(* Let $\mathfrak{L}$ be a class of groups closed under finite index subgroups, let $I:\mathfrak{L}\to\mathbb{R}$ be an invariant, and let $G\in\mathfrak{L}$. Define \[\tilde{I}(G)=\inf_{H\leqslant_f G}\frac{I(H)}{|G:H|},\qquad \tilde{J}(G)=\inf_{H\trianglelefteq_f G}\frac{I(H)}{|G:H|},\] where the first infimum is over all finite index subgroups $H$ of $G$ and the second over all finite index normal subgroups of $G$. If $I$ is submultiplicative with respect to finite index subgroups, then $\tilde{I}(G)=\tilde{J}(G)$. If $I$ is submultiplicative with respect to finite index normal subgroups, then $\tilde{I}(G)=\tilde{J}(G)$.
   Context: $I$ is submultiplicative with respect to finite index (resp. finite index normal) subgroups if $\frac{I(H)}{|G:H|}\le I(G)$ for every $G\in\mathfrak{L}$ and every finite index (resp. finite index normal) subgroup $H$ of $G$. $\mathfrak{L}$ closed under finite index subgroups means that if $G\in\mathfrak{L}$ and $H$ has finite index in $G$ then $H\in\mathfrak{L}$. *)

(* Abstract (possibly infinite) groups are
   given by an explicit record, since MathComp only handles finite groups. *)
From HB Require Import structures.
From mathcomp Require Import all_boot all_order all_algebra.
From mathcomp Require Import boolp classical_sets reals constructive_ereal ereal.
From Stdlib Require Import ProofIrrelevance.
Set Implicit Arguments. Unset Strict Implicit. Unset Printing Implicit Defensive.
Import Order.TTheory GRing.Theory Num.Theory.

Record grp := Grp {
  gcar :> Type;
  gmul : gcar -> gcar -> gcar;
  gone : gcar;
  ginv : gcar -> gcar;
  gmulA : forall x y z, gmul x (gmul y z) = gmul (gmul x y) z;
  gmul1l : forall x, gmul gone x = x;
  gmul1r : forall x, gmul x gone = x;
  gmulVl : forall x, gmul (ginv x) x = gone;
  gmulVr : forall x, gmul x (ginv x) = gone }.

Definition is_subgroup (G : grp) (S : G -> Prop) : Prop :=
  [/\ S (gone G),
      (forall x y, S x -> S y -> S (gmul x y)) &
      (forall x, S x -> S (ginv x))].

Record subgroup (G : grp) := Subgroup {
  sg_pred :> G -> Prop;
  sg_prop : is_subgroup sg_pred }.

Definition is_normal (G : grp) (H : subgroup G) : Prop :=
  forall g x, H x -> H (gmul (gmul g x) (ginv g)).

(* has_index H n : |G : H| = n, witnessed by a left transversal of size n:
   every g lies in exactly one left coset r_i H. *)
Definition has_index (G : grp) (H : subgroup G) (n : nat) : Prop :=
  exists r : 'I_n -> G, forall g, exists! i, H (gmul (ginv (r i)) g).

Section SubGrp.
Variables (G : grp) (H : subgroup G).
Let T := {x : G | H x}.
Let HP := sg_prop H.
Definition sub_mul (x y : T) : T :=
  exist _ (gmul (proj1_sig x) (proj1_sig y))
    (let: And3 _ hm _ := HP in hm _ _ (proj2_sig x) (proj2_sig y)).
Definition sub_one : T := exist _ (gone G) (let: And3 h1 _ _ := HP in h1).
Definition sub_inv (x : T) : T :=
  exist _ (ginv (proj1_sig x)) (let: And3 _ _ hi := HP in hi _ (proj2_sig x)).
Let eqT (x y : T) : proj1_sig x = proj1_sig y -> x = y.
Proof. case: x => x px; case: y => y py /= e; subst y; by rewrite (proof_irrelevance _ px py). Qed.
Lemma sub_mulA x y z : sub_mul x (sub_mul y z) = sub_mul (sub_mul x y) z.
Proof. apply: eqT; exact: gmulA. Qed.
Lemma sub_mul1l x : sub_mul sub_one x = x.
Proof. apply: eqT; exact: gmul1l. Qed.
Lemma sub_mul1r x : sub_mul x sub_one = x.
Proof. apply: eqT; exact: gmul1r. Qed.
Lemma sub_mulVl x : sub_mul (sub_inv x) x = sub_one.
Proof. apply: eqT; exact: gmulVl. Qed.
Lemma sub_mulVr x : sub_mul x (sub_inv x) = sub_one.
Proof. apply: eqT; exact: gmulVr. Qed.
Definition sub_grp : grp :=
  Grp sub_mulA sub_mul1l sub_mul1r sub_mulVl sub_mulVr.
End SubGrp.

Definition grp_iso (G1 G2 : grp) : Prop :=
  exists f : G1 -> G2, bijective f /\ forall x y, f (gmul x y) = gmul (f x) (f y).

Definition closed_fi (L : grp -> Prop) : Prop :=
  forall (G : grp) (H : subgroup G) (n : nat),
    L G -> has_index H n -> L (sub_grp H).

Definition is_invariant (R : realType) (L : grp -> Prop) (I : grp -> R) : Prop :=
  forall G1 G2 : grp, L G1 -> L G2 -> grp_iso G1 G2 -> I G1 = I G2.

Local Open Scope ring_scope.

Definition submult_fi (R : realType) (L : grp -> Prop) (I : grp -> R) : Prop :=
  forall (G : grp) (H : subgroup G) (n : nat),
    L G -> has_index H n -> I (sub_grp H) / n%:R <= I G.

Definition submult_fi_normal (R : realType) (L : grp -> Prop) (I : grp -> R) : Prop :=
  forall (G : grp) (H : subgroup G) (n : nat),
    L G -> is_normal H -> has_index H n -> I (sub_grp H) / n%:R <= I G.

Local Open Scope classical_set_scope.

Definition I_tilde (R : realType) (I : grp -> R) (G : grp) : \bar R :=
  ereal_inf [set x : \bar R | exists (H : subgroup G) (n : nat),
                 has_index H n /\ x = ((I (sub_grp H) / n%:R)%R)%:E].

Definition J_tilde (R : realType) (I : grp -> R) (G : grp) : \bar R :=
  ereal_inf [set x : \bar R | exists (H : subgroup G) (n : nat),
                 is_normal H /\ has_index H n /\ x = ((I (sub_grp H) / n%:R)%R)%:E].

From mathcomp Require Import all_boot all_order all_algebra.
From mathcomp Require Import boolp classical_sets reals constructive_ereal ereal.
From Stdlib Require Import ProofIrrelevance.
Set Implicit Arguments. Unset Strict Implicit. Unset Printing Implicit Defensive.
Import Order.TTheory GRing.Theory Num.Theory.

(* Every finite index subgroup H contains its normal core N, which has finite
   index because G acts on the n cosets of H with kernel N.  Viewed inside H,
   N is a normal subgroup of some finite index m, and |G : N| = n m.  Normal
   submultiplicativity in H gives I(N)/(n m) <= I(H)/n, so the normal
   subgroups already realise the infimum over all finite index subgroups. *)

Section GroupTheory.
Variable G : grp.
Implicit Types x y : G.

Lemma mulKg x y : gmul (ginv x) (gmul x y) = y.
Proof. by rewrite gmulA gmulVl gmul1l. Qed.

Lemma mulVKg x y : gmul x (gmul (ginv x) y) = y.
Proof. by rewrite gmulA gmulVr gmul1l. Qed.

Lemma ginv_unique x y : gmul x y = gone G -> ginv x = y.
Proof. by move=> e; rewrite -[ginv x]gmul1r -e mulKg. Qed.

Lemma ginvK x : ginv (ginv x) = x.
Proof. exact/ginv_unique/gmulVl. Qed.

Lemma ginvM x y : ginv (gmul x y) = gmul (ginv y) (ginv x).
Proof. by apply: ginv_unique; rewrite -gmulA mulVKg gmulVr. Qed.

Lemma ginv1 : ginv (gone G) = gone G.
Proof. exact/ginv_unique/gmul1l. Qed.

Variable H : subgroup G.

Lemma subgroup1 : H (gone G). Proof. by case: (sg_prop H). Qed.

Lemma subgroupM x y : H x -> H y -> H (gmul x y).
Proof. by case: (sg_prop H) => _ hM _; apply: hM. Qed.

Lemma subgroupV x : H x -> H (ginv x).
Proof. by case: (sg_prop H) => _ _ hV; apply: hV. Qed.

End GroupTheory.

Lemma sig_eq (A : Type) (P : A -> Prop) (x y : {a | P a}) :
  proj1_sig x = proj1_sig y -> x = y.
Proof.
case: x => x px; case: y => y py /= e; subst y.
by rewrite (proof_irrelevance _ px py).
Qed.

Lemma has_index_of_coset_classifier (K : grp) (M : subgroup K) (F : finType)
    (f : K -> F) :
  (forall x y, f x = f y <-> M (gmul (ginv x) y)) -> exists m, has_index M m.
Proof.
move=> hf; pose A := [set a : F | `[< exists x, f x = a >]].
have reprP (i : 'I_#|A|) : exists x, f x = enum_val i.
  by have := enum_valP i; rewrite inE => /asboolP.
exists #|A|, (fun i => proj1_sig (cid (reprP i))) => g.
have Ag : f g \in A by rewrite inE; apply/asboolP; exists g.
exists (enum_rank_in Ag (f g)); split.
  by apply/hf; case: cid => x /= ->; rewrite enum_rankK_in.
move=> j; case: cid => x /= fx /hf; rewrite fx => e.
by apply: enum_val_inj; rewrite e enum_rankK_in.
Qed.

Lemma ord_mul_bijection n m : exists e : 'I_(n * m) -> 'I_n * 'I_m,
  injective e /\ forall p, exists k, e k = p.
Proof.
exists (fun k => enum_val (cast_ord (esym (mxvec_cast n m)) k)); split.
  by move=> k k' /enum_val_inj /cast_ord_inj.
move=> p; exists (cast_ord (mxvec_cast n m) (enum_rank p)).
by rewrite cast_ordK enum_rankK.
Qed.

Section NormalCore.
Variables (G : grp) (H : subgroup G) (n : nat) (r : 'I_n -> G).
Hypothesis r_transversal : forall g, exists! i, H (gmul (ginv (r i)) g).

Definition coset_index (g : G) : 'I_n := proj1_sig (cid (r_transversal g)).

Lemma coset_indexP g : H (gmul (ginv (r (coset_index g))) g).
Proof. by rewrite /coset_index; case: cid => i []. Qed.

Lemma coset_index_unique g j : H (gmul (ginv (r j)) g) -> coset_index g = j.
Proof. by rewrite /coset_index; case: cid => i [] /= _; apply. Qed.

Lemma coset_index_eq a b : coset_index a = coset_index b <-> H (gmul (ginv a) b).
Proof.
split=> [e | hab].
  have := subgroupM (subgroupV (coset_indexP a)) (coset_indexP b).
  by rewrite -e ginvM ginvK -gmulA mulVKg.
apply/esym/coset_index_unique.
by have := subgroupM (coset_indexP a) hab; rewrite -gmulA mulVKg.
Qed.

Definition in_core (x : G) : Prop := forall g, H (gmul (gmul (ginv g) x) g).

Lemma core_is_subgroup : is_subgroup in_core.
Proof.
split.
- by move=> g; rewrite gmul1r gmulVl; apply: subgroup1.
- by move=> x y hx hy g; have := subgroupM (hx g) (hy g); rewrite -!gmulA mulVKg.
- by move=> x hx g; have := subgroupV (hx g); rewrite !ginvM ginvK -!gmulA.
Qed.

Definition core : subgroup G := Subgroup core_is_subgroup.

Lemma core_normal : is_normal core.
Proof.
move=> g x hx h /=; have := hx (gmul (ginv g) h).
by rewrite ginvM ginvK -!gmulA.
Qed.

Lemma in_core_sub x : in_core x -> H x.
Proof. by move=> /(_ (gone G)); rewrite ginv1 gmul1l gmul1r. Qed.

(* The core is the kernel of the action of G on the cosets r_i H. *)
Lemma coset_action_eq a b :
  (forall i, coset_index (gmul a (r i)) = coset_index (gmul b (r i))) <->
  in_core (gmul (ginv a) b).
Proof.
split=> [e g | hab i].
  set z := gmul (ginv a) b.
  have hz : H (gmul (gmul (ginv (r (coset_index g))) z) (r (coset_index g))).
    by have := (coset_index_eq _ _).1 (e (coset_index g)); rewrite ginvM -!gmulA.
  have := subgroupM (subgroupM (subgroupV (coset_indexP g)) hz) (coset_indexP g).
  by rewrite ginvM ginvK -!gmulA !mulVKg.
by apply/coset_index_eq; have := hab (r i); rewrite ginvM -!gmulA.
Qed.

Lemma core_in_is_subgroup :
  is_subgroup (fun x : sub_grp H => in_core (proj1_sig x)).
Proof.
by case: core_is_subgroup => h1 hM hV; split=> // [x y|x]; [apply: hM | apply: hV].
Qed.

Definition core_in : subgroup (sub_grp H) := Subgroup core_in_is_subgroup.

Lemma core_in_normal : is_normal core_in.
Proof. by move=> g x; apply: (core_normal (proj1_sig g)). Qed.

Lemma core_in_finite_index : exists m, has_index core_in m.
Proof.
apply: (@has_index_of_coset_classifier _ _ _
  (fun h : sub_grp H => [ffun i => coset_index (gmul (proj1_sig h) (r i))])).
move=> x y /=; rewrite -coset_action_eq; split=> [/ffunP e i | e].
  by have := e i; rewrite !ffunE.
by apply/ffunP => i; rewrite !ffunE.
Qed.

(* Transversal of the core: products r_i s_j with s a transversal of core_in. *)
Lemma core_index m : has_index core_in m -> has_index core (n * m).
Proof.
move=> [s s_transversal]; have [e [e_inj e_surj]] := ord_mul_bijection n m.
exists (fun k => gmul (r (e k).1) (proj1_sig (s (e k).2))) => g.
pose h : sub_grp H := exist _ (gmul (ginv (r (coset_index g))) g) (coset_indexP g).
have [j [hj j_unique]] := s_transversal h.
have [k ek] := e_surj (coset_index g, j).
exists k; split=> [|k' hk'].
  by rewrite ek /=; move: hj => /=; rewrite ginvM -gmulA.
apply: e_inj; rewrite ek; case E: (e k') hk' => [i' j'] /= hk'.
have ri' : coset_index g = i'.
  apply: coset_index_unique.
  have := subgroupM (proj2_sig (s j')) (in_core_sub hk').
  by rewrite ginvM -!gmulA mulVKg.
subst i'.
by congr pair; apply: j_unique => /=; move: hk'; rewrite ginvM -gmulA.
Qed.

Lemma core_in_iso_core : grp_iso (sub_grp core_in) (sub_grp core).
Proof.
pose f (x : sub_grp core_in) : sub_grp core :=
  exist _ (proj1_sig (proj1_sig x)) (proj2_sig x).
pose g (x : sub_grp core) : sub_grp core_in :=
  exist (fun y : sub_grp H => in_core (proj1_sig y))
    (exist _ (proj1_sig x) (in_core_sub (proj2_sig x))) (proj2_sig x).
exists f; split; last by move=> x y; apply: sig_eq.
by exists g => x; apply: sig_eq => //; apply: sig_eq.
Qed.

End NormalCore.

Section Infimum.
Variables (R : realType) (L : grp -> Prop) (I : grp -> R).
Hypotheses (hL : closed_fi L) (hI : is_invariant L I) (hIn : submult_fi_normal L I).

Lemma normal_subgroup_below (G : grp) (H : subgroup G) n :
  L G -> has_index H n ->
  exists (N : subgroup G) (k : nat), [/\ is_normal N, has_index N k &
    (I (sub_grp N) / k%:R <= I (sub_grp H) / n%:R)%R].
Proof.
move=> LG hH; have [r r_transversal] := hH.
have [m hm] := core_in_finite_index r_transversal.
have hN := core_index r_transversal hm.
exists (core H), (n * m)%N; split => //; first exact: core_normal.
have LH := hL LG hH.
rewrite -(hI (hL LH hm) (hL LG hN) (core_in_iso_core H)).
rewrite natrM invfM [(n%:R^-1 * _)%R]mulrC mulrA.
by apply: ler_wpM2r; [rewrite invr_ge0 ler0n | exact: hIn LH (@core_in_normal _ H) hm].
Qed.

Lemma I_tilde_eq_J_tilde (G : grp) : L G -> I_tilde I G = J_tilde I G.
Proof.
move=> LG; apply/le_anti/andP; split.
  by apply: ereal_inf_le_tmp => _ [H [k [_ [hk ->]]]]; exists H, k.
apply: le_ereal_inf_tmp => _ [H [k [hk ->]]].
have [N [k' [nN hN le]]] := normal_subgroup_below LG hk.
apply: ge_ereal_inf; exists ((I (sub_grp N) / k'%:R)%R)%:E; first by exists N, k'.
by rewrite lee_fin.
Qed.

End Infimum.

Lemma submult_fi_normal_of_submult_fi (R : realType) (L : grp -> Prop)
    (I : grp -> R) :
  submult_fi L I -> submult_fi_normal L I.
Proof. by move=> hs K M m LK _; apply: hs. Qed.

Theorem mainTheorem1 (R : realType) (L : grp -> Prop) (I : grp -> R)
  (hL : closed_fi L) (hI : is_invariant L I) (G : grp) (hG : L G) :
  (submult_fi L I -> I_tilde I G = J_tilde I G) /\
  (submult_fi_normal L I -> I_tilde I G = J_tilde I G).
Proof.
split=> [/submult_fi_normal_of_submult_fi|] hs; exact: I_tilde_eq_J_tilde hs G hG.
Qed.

——

→ **TASK OBJECTIVE**
Nothing but a number, please: how many lines of the listing hold the word "ffunP"?

→ **OUTPUT OF THE EXERCISE**
2